— Exercise —
The answer should be an exact repeat of the stretch of material below from the line containing "by rewrite pairingDr." through the line containing "forall c : 'I_n".

— Dataset content —
----

Lemma pairingDr y x1 x2 : pairing y (x1 + x2) = pairing y x1 + pairing y x2.
Proof. by rewrite /pairing -big_split; apply: eq_bigr => i _; rewrite mxE mulrDr. Qed.

Lemma pairingZr y a x : pairing y (a *: x) = a * pairing y x.
Proof. by rewrite /pairing mulr_sumr; apply: eq_bigr => i _; rewrite mxE mulrCA. Qed.

Lemma pairingNr y x : pairing y (- x) = - pairing y x.
Proof. by rewrite -scaleN1r pairingZr mulN1r. Qed.

Lemma pairing0r y : pairing y 0 = 0.
Proof. by rewrite -(scale0r 0) pairingZr mul0r. Qed.

Lemma pairing_sumr (I : Type) (r : seq I) (Q : pred I) (F : I -> 'rV[R]_d) y :
  pairing y (\sum_(i <- r | Q i) F i) = \sum_(i <- r | Q i) pairing y (F i).
Proof.
apply: (big_ind2 (fun a b => pairing y a = b)) => [|a1 a2 b1 b2 <- <-|//].
  exact: pairing0r.
by rewrite pairingDr.
Qed.

Lemma pairingDl y1 y2 x : pairing (y1 + y2) x = pairing y1 x + pairing y2 x.
Proof. by rewrite pairingC pairingDr !(pairingC x). Qed.

Lemma pairingZl a y x : pairing (a *: y) x = a * pairing y x.
Proof. by rewrite pairingC pairingZr pairingC. Qed.

Lemma pairingNl y x : pairing (- y) x = - pairing y x.
Proof. by rewrite pairingC pairingNr pairingC. Qed.

Lemma pairingBl y1 y2 x : pairing (y1 - y2) x = pairing y1 x - pairing y2 x.
Proof. by rewrite pairingDl pairingNl. Qed.

Lemma pairing0l x : pairing 0 x = 0.
Proof. by rewrite pairingC pairing0r. Qed.

Lemma pairing_suml (I : Type) (r : seq I) (Q : pred I) (F : I -> 'rV[R]_d) x :
  pairing (\sum_(i <- r | Q i) F i) x = \sum_(i <- r | Q i) pairing (F i) x.
Proof. by rewrite pairingC pairing_sumr; apply: eq_bigr => i _; rewrite pairingC. Qed.

Lemma pairing_sum_level n (b : 'I_n -> 'rV[R]_d) (c : 'I_n -> R) y :
  (forall k, pairing y (b k) = -1) -> pairing y (\sum_k c k *: b k) = - \sum_k c k.
Proof.
move=> yb; rewrite pairing_sumr -sumrN; apply: eq_bigr => k _.
by rewrite pairingZr yb mulrN1.
Qed.

Lemma pairing_int x y : lattice_pt x -> lattice_pt y -> pairing x y \is a Num.int.
Proof. by move=> hx hy; apply: rpred_sum => i _; apply: rpredM. Qed.

Lemma lattice_ptB x y : lattice_pt x -> lattice_pt y -> lattice_pt (x - y).
Proof. by move=> hx hy i; rewrite !mxE; apply: rpredB. Qed.

End Pairing.

Section LinearIndependence.
Context {R : realType} {d : nat}.
Implicit Types (x y w : 'rV[R]_d).

Definition lin_indep n (b : 'I_n -> 'rV[R]_d) :=
  forall c : 'I_n -> R, \sum_k c k *: b k = 0 -> forall k, c k = 0.

Lemma lin_indep_pairing_eq0 (b : 'I_d -> 'rV[R]_d) w :
  lin_indep b -> (forall k, pairing w (b k) = 0) -> w = 0.
Proof.
move=> hind hw.
pose B : 'M[R]_d := \matrix_(k, j) b k 0 j.
have rowB k : row k B = b k by apply/rowP => j; rewrite !mxE.
have hu : B \in unitmx.
  rewrite -row_free_unit -kermx_eq0; apply/rowV0P => z /sub_kermxP hz; apply/rowP => k; rewrite mxE.
  by apply: hind k; rewrite -[RHS]hz mulmx_sum_row; apply: eq_bigr => i _; rewrite rowB.
have hBw : B *m w^T = 0.
  apply/matrixP => k j; rewrite !mxE (ord1 j) -[RHS](hw k) pairingC /pairing.
  by apply: eq_bigr => i _; rewrite !mxE.
by apply: trmx_inj; rewrite trmx0 -(mulKmx hu w^T) hBw mulmx0.
Qed.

----

— Answer to this exercise —
by rewrite pairingDr.
Qed.

Lemma pairingDl y1 y2 x : pairing (y1 + y2) x = pairing y1 x + pairing y2 x.
Proof. by rewrite pairingC pairingDr !(pairingC x). Qed.

Lemma pairingZl a y x : pairing (a *: y) x = a * pairing y x.
Proof. by rewrite pairingC pairingZr pairingC. Qed.

Lemma pairingNl y x : pairing (- y) x = - pairing y x.
Proof. by rewrite pairingC pairingNr pairingC. Qed.

Lemma pairingBl y1 y2 x : pairing (y1 - y2) x = pairing y1 x - pairing y2 x.
Proof. by rewrite pairingDl pairingNl. Qed.

Lemma pairing0l x : pairing 0 x = 0.
Proof. by rewrite pairingC pairing0r. Qed.

Lemma pairing_suml (I : Type) (r : seq I) (Q : pred I) (F : I -> 'rV[R]_d) x :
  pairing (\sum_(i <- r | Q i) F i) x = \sum_(i <- r | Q i) pairing (F i) x.
Proof. by rewrite pairingC pairing_sumr; apply: eq_bigr => i _; rewrite pairingC. Qed.

Lemma pairing_sum_level n (b : 'I_n -> 'rV[R]_d) (c : 'I_n -> R) y :
  (forall k, pairing y (b k) = -1) -> pairing y (\sum_k c k *: b k) = - \sum_k c k.
Proof.
move=> yb; rewrite pairing_sumr -sumrN; apply: eq_bigr => k _.
by rewrite pairingZr yb mulrN1.
Qed.

Lemma pairing_int x y : lattice_pt x -> lattice_pt y -> pairing x y \is a Num.int.
Proof. by move=> hx hy; apply: rpred_sum => i _; apply: rpredM. Qed.

Lemma lattice_ptB x y : lattice_pt x -> lattice_pt y -> lattice_pt (x - y).
Proof. by move=> hx hy i; rewrite !mxE; apply: rpredB. Qed.

End Pairing.

Section LinearIndependence.
Context {R : realType} {d : nat}.
Implicit Types (x y w : 'rV[R]_d).

Definition lin_indep n (b : 'I_n -> 'rV[R]_d) :=
  forall c : 'I_n -> R, \sum_k c k *: b k = 0 -> forall k, c k = 0.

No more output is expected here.